The <file_name>.vcd file should be immediately created and written. Check the directory the command was run in to find it.

Tip

Tutorials on GTKWave options (or other third-party tools) and how best to view VCD files can be found online. By default, the data in a trace like rtio_slack will probably be presented in a raw form. To see a stepped wave as in the ARTIQ dashboard, look for options to interpret the data as a real number, then as an analog signal.

Pay attention to the timescale of the waveform dock in your chosen viewer; if you have set your signals to display but nothing is visible, it is likely zoomed in or out much too far.

The easiest way to view recorded analyzer data, however, is directly in the ARTIQ dashboard, a feature which will be presented later in Waveform.

Direct Memory Access (DMA)

DMA allows for storing fixed sequences of RTIO events in system memory and having the DMA core in the FPGA play them back at high speed. Provided that the specifications of a desired event sequence are known far enough in advance, and no other RTIO issues (collisions, sequence errors) are provoked, even extremely fast and detailed event sequences can always be generated and executed. RTIO underflows occur when events cannot be generated as fast as they need to be executed, resulting in an exception when the wall clock ‘catches up’ to now_mu. The solution is to record these sequences to the DMA core.

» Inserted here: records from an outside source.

(* Let $\mathcal D$ be any probability distribution over $\mathbb R$ and let $(N,u)\sim H(n,\mathcal D)$ be a random additively separable hedonic game. Then $$\lim_{n\to\infty}\mathbb P\big((N,u)\text{ admits a contractually Nash-stable partition}\big)=1.$$
   Context: Additively separable hedonic game: a finite agent set $N$ and utilities $u_a(b)\in\mathbb R$ for ordered pairs $a\ne b$; for a coalition $C\ni a$, $u_a(C)=\sum_{b\in C\setminus\{a\}}u_a(b)$ (empty sum $0$). Random model $H(n,\mathcal D)$: $|N|=n$ and all $u_a(b)$, $a\ne b$, i.i.d. from $\mathcal D$. For a partition $\pi$, $\pi(a)$ is $a$'s coalition. A Nash deviation of $a$ is a move of $a$ alone to another coalition $C\in\pi$ or to a new singleton, such that $a$'s new coalition gives $a$ strictly higher utility. $\mathrm{FavorIn}(C,a)=\{b\in C\setminus\{a\}: u_b(C\cup\{a\})>u_b(C\setminus\{a\})\}$. A contractual deviation is a Nash deviation by $a$ with $\mathrm{FavorIn}(\pi(a),a)=\emptyset$; $\pi$ is contractually Nash-stable if no contractual deviation exists. *)

From HB Require Import structures.
From mathcomp Require Import all_boot all_order all_algebra.
From mathcomp Require Import all_classical all_reals all_analysis.
Set Implicit Arguments. Unset Strict Implicit. Unset Printing Implicit Defensive.
Import Order.TTheory GRing.Theory Num.Theory.
Local Open Scope ring_scope.

Section Hedonic.
Variables (R : realType) (n : nat).
(* utilities u a b = u_a(b); the diagonal values are never used *)
Implicit Types (u : 'I_n -> 'I_n -> R) (C : {set 'I_n}) (Pi : {set {set 'I_n}}).

Definition util u (a : 'I_n) C : R := \sum_(b in C | b != a) u a b.

Definition favor_in u C (a : 'I_n) : {set 'I_n} :=
  [set b in C | (b != a) && (util u b (C :\ a) < util u b (a |: C))].
(* Fix $x\in\mathbb{R}^d$. For every step $t$ and every two distinct centers $c',c''\in C_t$ with $\|c'-c''\|_2\ge D_t/2$, $$\Pr\big\{c'\notin C_{t+1}\text{ or } c''\notin C_{t+1}\mid\mathcal{T}_t\big\}\ge\frac{1}{128d}.$$
   Context: Centers $C=\{c^1,\dots,c^k\}\subset\mathbb{R}^d$, $\delta\in(0,1)$, $\varepsilon=\min\{\delta/(15\ln k),1/320\}$. A median of a finite nonempty $S\subset\mathbb{R}^d$ is a point $m$ such that for every coordinate $i$ each of $\{c\in S:c_i<m_i\}$, $\{c\in S:c_i>m_i\}$ has at most $|S|/2$ elements. Algorithm: $\mathcal{T}_1$ is a root (cell $\mathbb{R}^d$) with assigned centers $C$. For $t=1,2,\dots$, while some leaf has at least two assigned centers: sample independently $i_t$ uniform in $\{1,\dots,d\}$, $\theta_t$ uniform in $(0,1)$, $\sigma_t$ uniform in $\{\pm1\}$; to every leaf $u$ of $\mathcal{T}_t$ with $|C_u|\ge2$ apply Divide-and-Share with $(i,\theta,\sigma)=(i_t,\theta_t,\sigma_t)$, giving $\mathcal{T}_{t+1}$. Divide-and-Share on node $u$: $m^u$ a median of $C_u$, $R_u=\max_{c\in C_u}\|c-m^u\|_2$, $Left=\{c\in C_u:c_i\le m^u_i+(\sigma+\varepsilon)\sqrt\theta R_u\}$, $Right=\{c\in C_u:c_i\ge m^u_i+(\sigma-\varepsilon)\sqrt\theta R_u\}$; if both nonempty, $u$ is split into children $\{y\in u: y_i\le m^u_i+\sigma\sqrt\theta R_u\}$ with centers $Left$ and $\{y\in u: y_i> m^u_i+\sigma\sqrt\theta R_u\}$ with centers $Right$; otherwise $u$ is unchanged. For the fixed point $x$, $u_t$ denotes the leaf of $\mathcal{T}_t$ containing $x$, $C_t=C_{u_t}$, and $D_t=\max\{\|a-b\|_2:a,b\in C_t\}$. If the algorithm has stopped before step $s$, $\mathcal{T}_s$ denotes the final tree. *)

From HB Require Import structures.
From mathcomp Require Import all_boot all_order all_algebra.
From mathcomp Require Import all_classical all_reals all_analysis.
Set Implicit Arguments. Unset Strict Implicit. Unset Printing Implicit Defensive.
Import Order.TTheory GRing.Theory Num.Theory.
Local Open Scope ring_scope.
Local Open Scope classical_set_scope.
(* The set $V:=\{\alpha\in\ell^\infty_w:\ G_{\tilde\psi,\psi}\alpha=\alpha\}$ is a closed subspace of $\ell^\infty_w$. Consequently, $(\mathcal H^\infty_w,\|\cdot\|_{\mathcal H^\infty_w})$ is a Banach space.
   Context: Standing setting. $\mathcal H$ is a separable complex Hilbert space with inner product $\langle\cdot,\cdot\rangle$, linear in the first and conjugate-linear in the second argument. $X$ is a countable index set. A weight is a map $w:X\to(0,\infty)$; $\ell^\infty_w$ is the Banach space of sequences $\alpha=(\alpha_k)_{k\in X}$ with $\|\alpha\|_{\ell^\infty_w}:=\sup_{k\in X}|\alpha_k|w(k)<\infty$. $\psi=(\psi_k)_{k\in X}$ is a frame for $\mathcal H$ and $\tilde\psi=(\tilde\psi_k)_{k\in X}$ is a dual frame, i.e. $f=\sum_{k}\langle f,\tilde\psi_k\rangle\psi_k=\sum_k\langle f,\psi_k\rangle\tilde\psi_k$ for all $f\in\mathcal H$ (unconditional convergence in $\mathcal H$). The cross Gram matrix $G_{\tilde\psi,\psi}$ has entries $(G_{\tilde\psi,\psi})_{k,l}=\langle\psi_l,\tilde\psi_k\rangle$ and acts by $(G_{\tilde\psi,\psi}\alpha)_k=\sum_{l\in X}\langle\psi_l,\tilde\psi_k\rangle\alpha_l$; it is assumed to define a bounded operator on $\ell^\infty_w$, meaning these series converge absolutely for every $\alpha\in\ell^\infty_w$ and $G_{\tilde\psi,\psi}:\ell^\infty_w\to\ell^\infty_w$ is bounded (equivalently $\|G_{\tilde\psi,\psi}\|_{\mathcal B(\ell^\infty_w)}=\sup_{k}\sum_{l}|\langle\psi_l,\tilde\psi_k\rangle|\,w(k)/w(l)<\infty$). Let $\mathcal H^{00}:=\operatorname{span}\{\tilde\psi_k:k\in X\}$ (finite linear combinations), a dense subspace of $\mathcal H$. Equip $\mathcal H$ with the locally convex topology $\sigma(\mathcal H,\mathcal H^{00})$ generated by the seminorms $f\mapsto|\langle f,v\rangle|$, $v\in\mathcal H^{00}$ (Hausdorff and metrizable). Let $\overline{\mathcal H}$ be the completion of $\mathcal H$ in this topology, with $\mathcal H\subseteq\overline{\mathcal H}$, and for each $v\in\mathcal H^{00}$ let $f\mapsto\langle f,v\rangle_{\overline{\mathcal H},\mathcal H^{00}}$ be the unique continuous linear extension of $f\mapsto\langle f,v\rangle$ to $\overline{\mathcal H}$. Define $\mathcal H^\infty_w$ as the set of all $f\in\overline{\mathcal H}$ for which there is a sequence $(f_n)_{n\ge1}\subseteq\mathcal H$ converging to $f$ in $\sigma(\overline{\mathcal H},\mathcal H^{00})$ (i.e. $\langle f_n,v\rangle\to\langle f,v\rangle_{\overline{\mathcal H},\mathcal H^{00}}$ for all $v\in\mathcal H^{00}$) with $\sup_{n\in\mathbb N,k\in X}|\langle f_n,\tilde\psi_k\rangle|w(k)<\infty$. The coefficient operator is $C_{\tilde\psi}:\mathcal H^\infty_w\to\ell^\infty_w$, $C_{\tilde\psi}f=(\langle f,\tilde\psi_k\rangle_{\overline{\mathcal H},\mathcal H^{00}})_{k\in X}$, and the norm on $\mathcal H^\infty_w$ is $\|f\|_{\mathcal H^\infty_w}:=\|C_{\tilde\psi}f\|_{\ell^\infty_w}$. *)

From HB Require Import structures.
From mathcomp Require Import all_boot all_order all_algebra.
From mathcomp Require Import finmap.
From mathcomp Require Import classical_sets reals.
From mathcomp Require Import complex.
Set Implicit Arguments. Unset Strict Implicit. Unset Printing Implicit Defensive.
Import Order.TTheory GRing.Theory Num.Theory.
Local Open Scope ring_scope.
Local Open Scope complex_scope.
(* In the setting of the context, consider a Case 2 spacetime ($\partial_v r_->0$). If there exist constants $\varepsilon_\pm>0$ such that $$\lim_{v\to\infty}x_+(v)\exp\left[\frac{h_c}{2}\left\{(1+\varepsilon_+)X_+(v)+(1-\varepsilon_-)X_-(v)\right\}\right]=0,$$ then the spacetime is of Type 1.
   Context: Spherically symmetric spacetime $ds^2=-f(v,r)A(v,r)^2dv^2+2A(v,r)\,dr\,dv+r^2d\Omega^2$ with $A>0$, $f,A\to1$ as $r\to\infty$, $f(v,0)=1$, $\partial_rf(v,0)=\partial_rA(v,0)=0$; $f(v,\cdot)$ has exactly two zeros $r_+(v)>r_-(v)$ (outer/inner apparent horizons, AHs), $f=F(r-r_+)(r-r_-)$ with $F>0$, and $h=AF>0$. Assumptions: $\partial_v r_+<0$; $r_\pm(v)\to r_c$ as $v\to\infty$; the sign of $\partial_v r_-$ is constant; the $v\to\infty$ limits of $A,F,h$ behave as analytic functions of $r$, so all $\partial_r^n h$ converge as $v\to\infty$; $h_c=\lim_{v\to\infty}h(v,r_c)$. With $x=r-r_c$, $x_\pm=r_\pm-r_c$ and $h$ regarded as a function of $(v,x)$, radially outgoing null geodesics solve $dx/dv=\tfrac12h(v,x)(x-x_+(v))(x-x_-(v))$. $X_\pm$ are primitives of $x_\pm$. Case 2 means $\partial_v r_->0$. In Case 2, Type 1 means that there is a unique outgoing null geodesic between the two AHs crossing neither AH (the event horizon) — equivalently, with the compactified outgoing null coordinate $U$ (constant along outgoing null geodesics) and $U^{(\pm)}_\infty=\lim_{v\to\infty}U^{(\pm)}(v)$ the limiting $U$-values of the AHs, $U^{(+)}_\infty=U^{(-)}_\infty$; Type 2 means a set of positive measure of such geodesics exists ($U^{(+)}_\infty<U^{(-)}_\infty$). *)

From Stdlib Require Import Reals.
From Coquelicot Require Import Coquelicot.
Open Scope R_scope.

(* Radially outgoing null geodesic, written as x = r - r_c as a function of v:
   dx/dv = 1/2 h(v,x) (x - x_+(v)) (x - x_-(v)). *)
Definition outgoing_null_geodesic (h : R -> R -> R) (xp xm : R -> R)
  (g : R -> R) : Prop :=
  forall v : R, is_derive g v (1/2 * h v (g v) * (g v - xp v) * (g v - xm v)).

Once recorded, event sequences are fixed and cannot be modified, but can be safely replayed very quickly at any position in the timeline, potentially repeatedly.

Try this:

from artiq.experiment import *


class DMAPulses(EnvExperiment):
    def build(self):
        self.setattr_device("core")
        self.setattr_device("core_dma")
        self.setattr_device("ttl0")

    @kernel
    def record(self):
        with self.core_dma.record("pulses"):
            # all RTIO operations now_mu go to the "pulses"
            # DMA buffer, instead of being executed immediately.
            for i in range(50):
                self.ttl0.pulse(100*ns)
                delay(100*ns)

    @kernel
    def run(self):
        self.core.reset()
        self.record()
        # prefetch the address of the DMA buffer
        # for faster playback trigger
        pulses_handle = self.core_dma.get_handle("pulses")
        self.core.break_realtime()
        while True:
            # execute RTIO operations in the DMA buffer
            # each playback advances the timeline by 50*(100+100) ns
            self.core_dma.playback_handle(pulses_handle)

Note

Only output events are redirected to the DMA core. Input methods inside a with dma block will be called as they would be outside of the block, in the current real-time context, and input events will be buffered normally, not to DMA.

For more documentation on the methods used, see the artiq.coredevice.dma reference.